(Dataset entries)
======

(* For all $n\ge 0$ and $k\ge 0$: if $k\equiv 0$ or $3\pmod 4$ then $L(n,k)=e(n,k)$, and if $k\equiv 1$ or $2\pmod 4$ then $L(n,k)=o(n,k)$.
   Context: $e(n,k)$ (resp. $o(n,k)$) is the number of $k$-element subsets of $\{1,\dots,n\}$ whose sum of elements is even (resp. odd); the empty set counts as even. Losanitsch's triangle $(L(n,k))_{n,k\ge 0}$ is defined by $L(0,k)=[k=0]$, $L(1,k)=[k\le 1]$ for $k\ge0$, $L(n,k)=0$ for $k<0$, and for $n\ge 2$ and all $k$: $L(n,k)=L(n-2,k)+\binom{n-2}{k-1}+L(n-2,k-2)$, where $\binom{m}{j}=0$ for $j<0$ or $j>m$. *)

From mathcomp Require Import all_boot.
Set Implicit Arguments. Unset Strict Implicit. Unset Printing Implicit Defensive.

(* Elements of {1,...,n} are represented by i : 'I_n standing for i+1. *)
Definition subset_sum n (A : {set 'I_n}) : nat := \sum_(i in A) i.+1.

Definition e_cnt (n k : nat) : nat :=
  #|[set A : {set 'I_n} | (#|A| == k) && ~~ odd (subset_sum A)]|.

Definition o_cnt (n k : nat) : nat :=
  #|[set A : {set 'I_n} | (#|A| == k) && odd (subset_sum A)]|.

Fixpoint losanitsch (n k : nat) {struct n} : nat :=
  match n with
  | 0 => (k == 0)
  | 1 => (k <= 1)
  | m.+2 =>
      losanitsch m k
      + (if k is k'.+1 then 'C(m, k') else 0)
      + (if k is k''.+2 then losanitsch m k'' else 0)
  end.

From mathcomp Require Import all_boot.

(* Classify the k-subsets of {1..n+1} by whether they contain n+1: this gives
   c(n+1,k,b) = c(n,k,b) + c(n,k-1,b + (n+1)) for the number c(n,k,b) of
   k-subsets with sum of parity b.  Applying it twice, the two middle terms
   have opposite parities since n+1 and n+2 do, so they add up to C(n,k-1), and
   the last one counts (k-2)-subsets of the opposite parity.  Hence
   c(n,k,p_k) satisfies Losanitsch's recurrence as soon as p_(k+2) = ~~ p_k,
   which is the case for p_k = [k = 1 or 2 (mod 4)]; the initial values agree. *)

Definition parity_cnt (n k : nat) (b : bool) : nat :=
  #|[set A : {set 'I_n} | (#|A| == k) && (odd (subset_sum A) == b)]|.

Lemma card_set_sum (T : finType) (P : pred T) : #|[set x | P x]| = \sum_x P x.
Proof.
by rewrite -sum1_card big_mkcond; apply: eq_bigr => x _; rewrite inE; case: (P x).
Qed.

Section ExtendByMax.

Variable n : nat.

Let widen : 'I_n -> 'I_n.+1 := widen_ord (leqnSn n).

Let widen_inj : injective widen.
Proof. by move=> i j eq_ij; apply: val_inj; exact: (congr1 val eq_ij). Qed.

Let widen_neq_max i : (widen i == ord_max) = false.
Proof. by apply/negbTE; rewrite -val_eqE /= neq_ltn ltn_ord. Qed.

Let max_notin_widen (B : {set 'I_n}) : ord_max \notin widen @: B.
Proof. by apply/imsetP => -[i _] /eqP; rewrite eq_sym widen_neq_max. Qed.

Definition extend_max (p : {set 'I_n} * bool) : {set 'I_n.+1} :=
  if p.2 then ord_max |: widen @: p.1 else widen @: p.1.

Lemma extend_max_bij : bijective extend_max.
Proof.
exists (fun A : {set 'I_n.+1} => ([set i | widen i \in A], ord_max \in A)).
  case=> B [] /=; rewrite /extend_max /=; congr pair.
  - by apply/setP => i; rewrite !inE widen_neq_max mem_imset.
  - by rewrite !inE eqxx.
  - by apply/setP => i; rewrite !inE mem_imset.
  - exact/negbTE/max_notin_widen.
move=> A; apply/setP => x; rewrite /extend_max /=.
have [lt_xn | ge_xn] := ltnP x n.
  have -> : x = widen (Ordinal lt_xn) by apply: val_inj.
  by case: ifP => _; rewrite ?inE ?widen_neq_max /= mem_imset ?inE.
have -> : x = ord_max by apply/val_inj/eqP; rewrite eqn_leq -ltnS ltn_ord.
by case: ifP => _; [rewrite !inE eqxx | exact/negbTE/max_notin_widen].
Qed.

Lemma card_extend_max p : #|extend_max p| = #|p.1| + p.2.
Proof.
case: p => B [];
  by rewrite /extend_max ?cardsU1 ?max_notin_widen card_imset // addnC.
Qed.

Lemma subset_sum_extend_max p :
  subset_sum (extend_max p) = subset_sum p.1 + p.2 * n.+1.
Proof.
have sum_widen : \sum_(i in widen @: p.1) i.+1 = \sum_(i in p.1) i.+1.
  by rewrite big_imset //; move=> i j _ _ /widen_inj.
case: p sum_widen => B [] /= sum_widen; rewrite /extend_max /subset_sum /=.
  by rewrite big_setU1 ?max_notin_widen //= sum_widen mul1n addnC.
by rewrite sum_widen addn0.
Qed.

Lemma parity_cntS k b :
  parity_cnt n.+1 k b =
    parity_cnt n k b + (if k is k'.+1 then parity_cnt n k' (b (+) odd n.+1) else 0).
Proof.
rewrite /parity_cnt !card_set_sum (reindex extend_max); last first.
  exact/onW_bij/extend_max_bij.
rewrite -(pair_bigA _ (fun B top => [&& #|extend_max (B, top)| == k
                        & odd (subset_sum (extend_max (B, top))) == b] : nat)).
under eq_bigr => B _ do rewrite big_bool.
rewrite big_split addnC /=; congr addn; last first.
  by apply: eq_bigr => B _; rewrite card_extend_max subset_sum_extend_max /= !addn0.
case: k => [|k]; first by rewrite big1 // => B _; rewrite card_extend_max addn1.
rewrite card_set_sum; apply: eq_bigr => B _.
rewrite card_extend_max subset_sum_extend_max mul1n addn1 eqSS oddD /=.
by case: (odd (subset_sum B)); case: (odd n); case: b.
Qed.

End ExtendByMax.

Lemma parity_cnt0 k b : parity_cnt 0 k b = (k == 0) && ~~ b.
Proof.
rewrite /parity_cnt card_set_sum (big_pred1 set0) => [|A]; last first.
  by symmetry; apply/eqP/setP => -[].
by rewrite cards0 /subset_sum big_set0; case: k; case: b.
Qed.

Lemma parity_cnt_compl n k b : parity_cnt n k b + parity_cnt n k (~~ b) = 'C(n, k).
Proof.
rewrite /parity_cnt !card_set_sum -big_split -[in RHS](card_ord n) -card_draws.
rewrite card_set_sum; apply: eq_bigr => A _.
by case: (#|A| == k); case: (odd _); case: b.
Qed.

Lemma parity_cntSS n k b :
  parity_cnt n.+2 k b =
    parity_cnt n k b + (if k is k'.+1 then 'C(n, k') else 0)
    + (if k is k''.+2 then parity_cnt n k'' (~~ b) else 0).
Proof.
case: k => [|k]; first by rewrite !parity_cntS !addn0.
rewrite !parity_cntS /= !negbK -(parity_cnt_compl n k (b (+) ~~ odd n)) -!addnA.
congr (_ + (_ + (_ + _))); first by rewrite addbN negbK.
by case: k => [|k] //; rewrite addbN addbK.
Qed.

Definition losanitsch_parity k := (k %% 4 == 1) || (k %% 4 == 2).

Lemma losanitsch_paritySS k : losanitsch_parity k.+2 = ~~ losanitsch_parity k.
Proof.
rewrite /losanitsch_parity -addn2 -modnDml.
by have := ltn_pmod k (isT : 0 < 4); case: (k %% 4) => [|[|[|[|m]]]].
Qed.

Lemma losanitsch_parity_cnt n k :
  losanitsch n k = parity_cnt n k (losanitsch_parity k).
Proof.
elim/ltn_ind: n k => -[|[|n]] IHn k.
- by rewrite parity_cnt0; case: k.
- by case: k => [|[|k]]; rewrite parity_cntS !parity_cnt0.
rewrite parity_cntSS /= IHn //; case: k => [|[|k]] //.
by rewrite IHn // losanitsch_paritySS negbK.
Qed.

Theorem mainTheorem3 (n k : nat) :
  ((k %% 4 == 0) || (k %% 4 == 3) -> losanitsch n k = e_cnt n k) /\
  ((k %% 4 == 1) || (k %% 4 == 2) -> losanitsch n k = o_cnt n k).
Proof.
rewrite losanitsch_parity_cnt /parity_cnt /losanitsch_parity; split=> k_class.
  have -> : (k %% 4 == 1) || (k %% 4 == 2) = false.
    by case/orP: k_class => /eqP ->.
  by apply: eq_card => A; rewrite !inE eqbF_neg.
by rewrite k_class; apply: eq_card => A; rewrite !inE eqb_id.
Qed.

======

Instructions for the task |
From the records above, reproduce exactly the lines from the one with "case: p sum_widen" to the one with "case: k => [|k]; first by rewrite big1", both included, and no others.

Task answer |
case: p sum_widen => B [] /= sum_widen; rewrite /extend_max /subset_sum /=.
  by rewrite big_setU1 ?max_notin_widen //= sum_widen mul1n addnC.
by rewrite sum_widen addn0.
Qed.

Lemma parity_cntS k b :
  parity_cnt n.+1 k b =
    parity_cnt n k b + (if k is k'.+1 then parity_cnt n k' (b (+) odd n.+1) else 0).
Proof.
rewrite /parity_cnt !card_set_sum (reindex extend_max); last first.
  exact/onW_bij/extend_max_bij.
rewrite -(pair_bigA _ (fun B top => [&& #|extend_max (B, top)| == k
                        & odd (subset_sum (extend_max (B, top))) == b] : nat)).
under eq_bigr => B _ do rewrite big_bool.
rewrite big_split addnC /=; congr addn; last first.
  by apply: eq_bigr => B _; rewrite card_extend_max subset_sum_extend_max /= !addn0.
case: k => [|k]; first by rewrite big1 // => B _; rewrite card_extend_max addn1.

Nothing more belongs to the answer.